Время для жизни - 2 - taramans
«Как мне кажется — дома в два, или в три этажа, срубленные из бревен — примета только Сибири! Ну вот… Вот и оно — училище, имени Михаила Васильевича Фрунзе. Посидим, покурим, пока время есть и не ввязался в процедуру прибытия, сдачи документов, заселения и прочего!».
Косов сидел, поглядывал по сторонам, косился на будущую «альма матер».
«И опять — не то! А что не то? Ага… парадное крыльцо выходит ступенями прямо к проезжей части! А позже будет — на две стороны, вдоль стен. Видно, улицу будут расширять и переделают. И еще — примета времени — статуи Сталина и Ворошилова по сторонам ступеней! Ладно, кури — не кури, а надо идти, сдаваться!».

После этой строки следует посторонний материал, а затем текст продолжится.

Lemma qf_atom_formula (n : nat) (i : atom_index n) : qf_sentence (atom_formula i).
Proof.
case: i => [[r g]|[c k]]; rewrite /qf_sentence /= ?tfv_numeral //.
by rewrite andbT; elim: (enum _) => //= j l; rewrite tfv_numeral.
Qed.

Lemma qf_diagram (n : nat) (bs : {ffun atom_index n -> bool}) :
  qf_sentence (diagram bs).
Proof.
rewrite qf_sentence_and qf_card_eq; apply: qf_sentence_ands => i.
by case: (bs i); rewrite /literal ?qf_sentence_not qf_atom_formula.
Qed.

End Syntax.

Section Semantics.
Context {s : asig} (A : finType) (M : struc s A).

Definition numval (k : nat) : A := iter k (ssucc M) (scon M (s_zero s)).

Definition atom_holds (n : nat) (i : @atom_index s n) : bool :=
  match i with
  | inl (existT r g) => srel M [ffun j => numval (g j)]
  | inr (c, k) => scon M c == numval k
  end.

Lemma teval_numeral (e : nat -> A) (k : nat) : teval M e (numeral k) = numval k.
Proof. by elim: k => //= k ->. Qed.

Lemma sat_FAnds (e : nat -> A) (I : eqType) (l : seq I) (F : I -> formula s) :
  sat M e (FAnds l F) <-> {in l, forall i, sat M e (F i)}.
Proof.
elim: l => [|i l IHl] /=; first by split.
rewrite IHl; split=> [[Fi Fl] j|Fl]; first by rewrite inE => /predU1P[->|/Fl].
by split=> [|j lj]; apply: Fl; rewrite inE ?eqxx ?lj ?orbT.
Qed.

Lemma sat_FOrs (e : nat -> A) (I : eqType) (l : seq I) (F : I -> formula s) :
  sat M e (FOrs l F) <-> exists2 i, i \in l & sat M e (F i).
Proof.
elim: l => [|i l IHl] /=; first by split=> [[]|[]].
rewrite IHl; split=> [[Fi|[j lj Fj]]|[j]]; first by exists i; rewrite ?inE ?eqxx.
  by exists j; rewrite // inE lj orbT.
by rewrite inE => /predU1P[->|lj Fj]; [left | right; exists j].
Qed.

Lemma sat_literal (e : nat -> A) (b : bool) (f : formula s) (P : bool) :
  (sat M e f <-> P) -> (sat M e (literal b f) <-> P = b).
Proof. by case: b; case: P => /= ->; split. Qed.

Lemma sat_atom_formula (e : nat -> A) (n : nat) (i : @atom_index s n) :
  sat M e (atom_formula i) <-> atom_holds i.
Proof.
case: i => [[r g]|[c k]] /=; last by rewrite teval_numeral; split=> /eqP.
rewrite (_ : [ffun j => _] = [ffun j => numval (g j)]) //.
by apply/ffunP => j; rewrite !ffunE teval_numeral.
Qed.

Hypothesis arithM : is_arith M.

Lemma is_arith_rank :
  exists f : A -> nat, [/\ cancel f numval, forall x, f x < #|A|
                         & forall k, f (numval k) = minn k #|A|.-1].
Proof.
case: arithM => f [f_inj [f_lt [_ [_ [_ [f_succ f_zero]]]]]].
move: #|A| f_lt f_succ => N f_lt f_succ.
have f_numval k : f (numval k) = minn k N.-1.
  have := f_lt (scon M (s_zero s)).
  elim: k => [|k IHk] ltA; first by rewrite /= f_zero; lia.
  by rewrite /= f_succ -/(numval k) IHk //; case: ifP; lia.
exists f; split=> // x; apply: f_inj; rewrite f_numval; have := f_lt x; lia.
Qed.

Lemma card_arith_gt0 : 0 < #|A|.
Proof.
by case: is_arith_rank => f [_ f_lt _]; apply: leq_ltn_trans (f_lt (numval 0)).
Qed.

Lemma numval_eq (k l : nat) :
  numval k = numval l <-> minn k #|A|.-1 = minn l #|A|.-1.
Proof.
case: is_arith_rank => f [fK _ f_numval]; rewrite -!f_numval.
by split=> [-> // | /(congr1 numval)]; rewrite !fK.
Qed.

Lemma sat_card_le_succ (e : nat -> A) (k : nat) :
  sat M e (card_le_succ k) <-> #|A| <= k.+1.
Proof.
rewrite /= !teval_numeral; change (numval k = numval k.+1 <-> #|A| <= k.+1).
by rewrite numval_eq; have := card_arith_gt0; lia.
Qed.

Lemma sat_card_eq (e : nat -> A) (n : nat) : sat M e (card_eq n) <-> #|A| = n.
Proof.
have := card_arith_gt0; case: n => [|[|k]] A_gt0.
- by split=> [[] | A0]; last by move: A_gt0; rewrite A0.
- by rewrite sat_card_le_succ; lia.
- change (sat M e (card_le_succ k.+1) /\ ~ sat M e (card_le_succ k) <-> #|A| = k.+2).
  by rewrite !sat_card_le_succ; lia.
Qed.

Lemma sat_diagram (e : nat -> A) (n : nat) (bs : {ffun @atom_index s n -> bool}) :
  sat M e (diagram bs) <-> #|A| = n /\ forall i, atom_holds i = bs i.
Proof.
rewrite /= sat_card_eq sat_FAnds.
have sat_lit i := sat_literal (bs i) (sat_atom_formula e i).
split=> [[-> bsM] | [-> bsM]]; split=> // i; last by move=> _; apply/sat_lit.
by apply/sat_lit/bsM; rewrite mem_enum.
Qed.

End Semantics.

Section Isomorphism.
Context {s : asig} (A B : finType) (M : struc s A) (N : struc s B) (n : nat).
Hypotheses (arithM : is_arith M) (arithN : is_arith N).
Hypotheses (cardA : #|A| = n) (cardB : #|B| = n).

Lemma arith_iso_of_atoms :
  (forall i : @atom_index s n, atom_holds M i = atom_holds N i) ->
  exists h : A -> B, is_iso M N h.
Proof.
move=> atomsMN.
have [fM [fMK fM_lt fM_numval]] := is_arith_rank arithM.
have [fN [fNK _ fN_numval]] := is_arith_rank arithN.
have {}fM_lt x : fM x < n by rewrite -cardA.
have hE k : numval N (fM (numval M k)) = numval N k.
  by apply/numval_eq => //; rewrite fM_numval cardA -cardB; lia.
have h'E k : numval M (fN (numval N k)) = numval M k.
  by apply/numval_eq => //; rewrite fN_numval cardB -cardA; lia.
exists (fun x => numval N (fM x)); split; [|split; [|split]].
- exists (fun y => numval M (fN y)) => [x|y].
    by rewrite h'E fMK.
  by rewrite hE fNK.
- move=> r t; pose g := [ffun j => Ordinal (fM_lt (t j))].
  have := atomsMN (inl (existT _ r g)) => /=.
  rewrite (_ : [ffun j => numval M (g j)] = t) => [->|]; last first.
    by apply/ffunP => j; rewrite !ffunE fMK.
  by congr (srel N _); apply/ffunP => j; rewrite !ffunE.
- move=> c; have := atomsMN (inr (c, Ordinal (fM_lt (scon M c)))).
  by rewrite /= fMK eqxx => /esym/eqP.
- move=> x; rewrite -{1}(fMK x).
  by change (numval N (fM (numval M (fM x).+1)) = numval N (fM x).+1); rewrite hE.
Qed.

End Isomorphism.

Lemma classical_pred (T : Type) (P : T -> Prop) :
  exists p : pred T, forall x, p x <-> P x.
Proof.
exists (fun x => if excluded_middle_informative (P x) then true else false) => x.
by case: excluded_middle_informative.
Qed.

Lemma qf_card_eq_class (s : asig) (Q : forall A : finType, struc s A -> Prop)
  (HQ : problem Q) (n : nat) :
  exists2 g : formula s, qf_sentence g &
    forall (A : finType) (M : struc s A) e, is_arith M ->
      (sat M e g <-> #|A| = n /\ Q A M).
Proof.
pose realized (bs : {ffun @atom_index s n -> bool}) :=
  exists (B : finType) (N : struc s B),
    [/\ Q B N, #|B| = n & forall i, atom_holds N i = bs i].
have [p pE] := classical_pred realized.
exists (FOrs (enum p) (@diagram s n)) => [|A M e arithM].
  exact/qf_sentence_ors/qf_diagram.
rewrite sat_FOrs; split=> [[bs] | [cardA QM]].
- rewrite mem_enum => /pE[B [N [QN cardB atomsN]]] /(sat_diagram arithM)[cardA atomsM].
  have [|h isoh] := arith_iso_of_atoms (HQ.1 _ _ QN) arithM cardB cardA.
    by move=> i; rewrite atomsN atomsM.
  by split=> //; apply: HQ.2 isoh QN.
- exists [ffun i => atom_holds M i].
    by rewrite mem_enum; apply/pE; exists A, M; split=> // i; rewrite ffunE.
  by apply/sat_diagram => //; split=> // i; rewrite ffunE.
Qed.

Lemma qf_card_lt_class (s : asig) (Q : forall A : finType, struc s A -> Prop)
  (HQ : problem Q) (k : nat) :
  exists2 b : formula s, qf_sentence b &
    forall (A : finType) (M : struc s A) e, is_arith M ->
      (sat M e b <-> #|A| < k /\ Q A M).
Proof.
elim: k => [|k [b qf_b bE]]; first by exists FFalse => // A M e _; split=> [[]|[]].
have [g qf_g gE] := qf_card_eq_class HQ k.
exists (FOr b g) => [|A M e arithM]; first by rewrite qf_sentence_or qf_b.
rewrite /= bE // gE //; move: #|A| => N.
split=> [[[ltNk QM] | [eqNk QM]] | [ltNk1 QM]]; [split=> //; lia .. |].
have [ltNk | eqNk] : N < k \/ N = k by lia.
- by left.
- by right.
Qed.

Theorem lemma2p1 (s : asig) (Q : forall A : finType, struc s A -> Prop)
  (HQ : problem Q) (phi : formula s) :
  describes_eventually Q phi ->
  exists alpha beta : formula s,
    qfree alpha /\ qfree beta /\
    describes Q (FOr (FAnd alpha phi) beta).
Proof.
move=> [phi_sentence [m phiE]].
have [beta /andP[/nilP fv_beta qf_beta] betaE] := qf_card_lt_class HQ m.+2.
exists (FNot (card_le_succ m)), beta; split=> //; split=> //; split.
  by rewrite /sentence /= !tfv_numeral phi_sentence fv_beta.
move=> A M arithM.
have alphaE e : sat M e (FNot (card_le_succ m)) <-> m.+2 <= #|A|.
  change (~ sat M e (card_le_succ m) <-> m.+2 <= #|A|).
  by rewrite sat_card_le_succ //; lia.
have [large | small] := leqP m.+2 #|A|.
- rewrite -phiE //; last by lia.
  split=> [sat_or e | phi_true e]; last by left; split; [apply/alphaE | apply: phi_true].
  case: (sat_or e) => [[] // | /betaE[] //]; lia.
- split=> [/(_ (fun _ => scon M (s_zero s))) | QM e]; last by right; apply/betaE.
  case=> [[/alphaE] | /betaE[]] //; lia.
Qed.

В большом и светлом фойе главного корпуса, его встретил курсант с красной повязкой на рукаве. Нормальный такой «курок» — сапоги юфтевые начищены до синевы; нынешняя гимнастерка с отложным воротничком отглажена на «ять!», и желтоватые металлические буквы на петлицах — «ОМПУ», фуранька на голове. Невысокого роста, но крепышек, не отнять. Бравый такой «курок», «дневалит», значит! Осмотрел Косова, хмыкнул:
— Ну… чего тебе?
— Да вот… на поступление приехал. Кому и как доложиться?
— На поступление, говоришь? Ну-у-у… пошли, доложишься!

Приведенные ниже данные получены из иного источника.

(* Let $n\ge 2$ be an integer, and let $G$ be a finite group with a subgroup $H=\langle x,y\mid x^{2^n}=e,\ y^2=e,\ x^y=x^{-1}\rangle\cong D_{2^{n+1}}$. Then $H$ is a perfect code of $G$ if and only if for each $a\in N_G(H)\setminus H$ with $a^2\in H$ all of the following hold: (a) $a^2\in\langle x\rangle$; (b) if $\langle x,a\rangle\cong C_{2^{n+1}}$, then $a^y=a^{-1}$; (c) if $\langle x,a\rangle\cong Q_{2^{n+1}}$, then $[a,y]\in\langle x^2\rangle$.
   Context: $D_{2m}$ is the dihedral group of order $2m$, $Q_{2^{m}}$ the generalized quaternion group of order $2^m$, $x^y=y^{-1}xy$, $[a,y]=a^{-1}y^{-1}ay$. For a group $G$ with identity $e$ and an inverse-closed subset $S\subseteq G\setminus\{e\}$, the Cayley graph $\mathrm{Cay}(G,S)$ has vertex set $G$ and edges $\{g,sg\}$ for $s\in S$, $g\in G$. A perfect code in a graph is an independent set $C$ of vertices such that every vertex outside $C$ is adjacent to exactly one vertex of $C$. A subgroup $H$ of $G$ is a perfect code of $G$ if some Cayley graph of $G$ admits $H$ as a perfect code. *)

From mathcomp Require Import all_boot all_fingroup all_solvable.
Set Implicit Arguments. Unset Strict Implicit. Unset Printing Implicit Defensive.
Import GroupScope.
Local Open Scope group_scope.

Definition cay_adj (gT : finGroupType) (S : {set gT}) (u v : gT) : bool :=
  v * u^-1 \in S.

Definition cay_conn_set (gT : finGroupType) (G S : {set gT}) : Prop :=
  S \subset G :\ 1 /\ (forall s, s \in S -> s^-1 \in S).

Definition perfect_code_in_cay (gT : finGroupType) (G S C : {set gT}) : Prop :=
  [/\ C \subset G,
      (forall u v, u \in C -> v \in C -> ~~ cay_adj S u v) &
      (forall v, v \in G :\: C -> #|[set u in C | cay_adj S u v]| = 1%N)].

Definition perfect_code_of (gT : finGroupType) (G H : {set gT}) : Prop :=
  exists S : {set gT}, cay_conn_set G S /\ perfect_code_in_cay G S H.

From mathcomp Require Import all_boot all_fingroup all_solvable zify.
Set Implicit Arguments. Unset Strict Implicit. Unset Printing Implicit Defensive.
Import GroupScope.
Local Open Scope group_scope.

(* A subgroup H of G is a perfect code of some Cay(G, S) iff G \ H has an
   inverse-closed right transversal S of H.  Every coset H a with a in N_G(H) \ H
   and a^2 in H must then contain an involution of S; for a 2-group H this
   suffices, because S can be grown greedily: an uncovered coset H g is either
   self-inverse and receives an involution, or is paired through some s in H g
   with an uncovered coset H s^-1 inside H g^-1 H.  The partner exists by
   counting: H g H has |H| or a multiple of 2|H| elements, and the involutions
   of S only lie in cosets normalizing H.
   For the dihedral H = <x, y>, such an a normalizes <x>, say x^a = x^k with k
   odd, and the squares (x^i a)^2 and (x^i y a)^2 sweep the cosets of <x x^a>
   and <x (x^a)^-1> through a^2 and y y^(a^-1) a^2.  One of these subgroups is
   <x^2>, depending on k mod 4.  Condition (b) covers the case where a^2
   generates <x>, so that <x, a> = <a> is cyclic and y a is an involution, and
   condition (c) the case where <x, a> is generalized quaternion. *)

Lemma invg_sqr1 (gT : finGroupType) (t : gT) : t ^+ 2 = 1 -> t^-1 = t.
Proof. by move=> t2; apply/eqP; rewrite eq_invg_mul -expg2 t2. Qed.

За курсантом Косов прошел налево от входа и зашел в небольшую, но такую — всю продуманную дежурку. За стеклянным окном в полстены — большой письменный стол с телефонами. Под стеклом на столе — таблицы, списки, схемы…
«Аж умилило! Пятьдесят лет вперед у нас в дежурке примерно так же было. Сколько ночей я провел вот так, опустив голову на сложенные на столе руки, или — в зимний период, подложив шапку под голову — для пущей мягкости, и «кимаря» в полглаза, чтобы дежурный не «спалил»!».
На стене — навесные полки, в ячейках которых — журналы и амбарные книги, с наклеенными на переплетах бирками. Возле большущего окна, выходящего на улицу Республики — еще один стол, уже маленький. Тоже журналы, чернильница. Телефон, похоже — внутренняя связь.
«Для «помдежа» место!».
«А вот на нижней полке стола — виднеется стакан с недопитым… вроде бы — чаем. Судя по ложечке. Ха! Это — «косяк»! Ой, «косяк»! У нас так было, по крайней мере. Есть комната отдыха наряда, именно там отдыхают подсменные в ночное время, там осуществляется и прием пищи. А пить чай в дежурке? Как там говаривал у нас капитан второго ранга Паламарчук: «Это «залет», курсант! Это — невъебенный «залет»!». Вот сколько лет прошло, а как — пахнуло, а?! Прямо вот — родным повеяло! Армия, мать ее так! Родная! А я и не понимал, как я все эти годы… ну… не скучал, но — помнил об этом! И пусть я тогда учился в военно-морском, а здесь — пехотное, но — один хрен — погоны! Хотя сейчас — да, петлицы!».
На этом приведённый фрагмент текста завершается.